◆ **Prompt**:
Look through the records below for the line with "by apply/forallP =>". Return that line and each one after it up to and including the line with "split=> [/moves/orbitP|[h]]; first", exactly.

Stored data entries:

Section Network.
Variables (m n : nat).
Local Notation node := (node m n).

Lemma autWP (F : seq (pattern m n)) (p : {perm node}) :
  reflect (forall c d, inh (p c) (p d) = inh c d /\ exc F (p c) (p d) = exc F c d)
          (p \in autW F).
Proof.
rewrite inE; apply: (iffP forallP) => [Hp c d|Hp c].
  by have /forallP/(_ d)/andP[/eqP-> /eqP->] := Hp c.
by apply/forallP => d; have [-> ->] := Hp c d; rewrite !eqxx.
Qed.

Lemma group_set_autW (F : seq (pattern m n)) : group_set (autW F).
Proof.
apply/group_setP; split; first by apply/autWP => c d; rewrite !perm1.
move=> p q /autWP Hp /autWP Hq; apply/autWP => c d; rewrite !permM.
by have [-> ->] := Hq (p c) (p d); apply: Hp.
Qed.

Canonical autW_group (F : seq (pattern m n)) := Group (group_set_autW F).

Lemma orbit_coloringP (F : seq (pattern m n)) (C : eqType) (col : node -> C) :
    (forall c d, col c = col d -> d \in orbit 'P (autW F :&: col_stab col) c) ->
  orbit_coloring F col.
Proof.
move=> moves; exists (autW_group F :&: col_stab_group col)%G; split=> [|c d].
  exact: subsetIl.
split=> [/moves/orbitP|[h]]; first by case=> h Hh <-; exists h.
by case/setIP=> _ /col_stabP Hh <-.
Qed.

Lemma inh_column_map (pi : 'I_n -> 'I_n) (p : {perm node}) :
  injective pi -> (forall x, (p x).2 = pi x.2) -> forall c d, inh (p c) (p d) = inh c d.
Proof. by move=> pi_inj Hp c d; rewrite /inh !Hp (inj_eq pi_inj) (inj_eq perm_inj). Qed.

◆ **Answer to the problem**:
by apply/forallP => d; have [-> ->] := Hp c d; rewrite !eqxx.
Qed.

Lemma group_set_autW (F : seq (pattern m n)) : group_set (autW F).
Proof.
apply/group_setP; split; first by apply/autWP => c d; rewrite !perm1.
move=> p q /autWP Hp /autWP Hq; apply/autWP => c d; rewrite !permM.
by have [-> ->] := Hq (p c) (p d); apply: Hp.
Qed.

Canonical autW_group (F : seq (pattern m n)) := Group (group_set_autW F).

Lemma orbit_coloringP (F : seq (pattern m n)) (C : eqType) (col : node -> C) :
    (forall c d, col c = col d -> d \in orbit 'P (autW F :&: col_stab col) c) ->
  orbit_coloring F col.
Proof.
move=> moves; exists (autW_group F :&: col_stab_group col)%G; split=> [|c d].
  exact: subsetIl.
split=> [/moves/orbitP|[h]]; first by case=> h Hh <-; exists h.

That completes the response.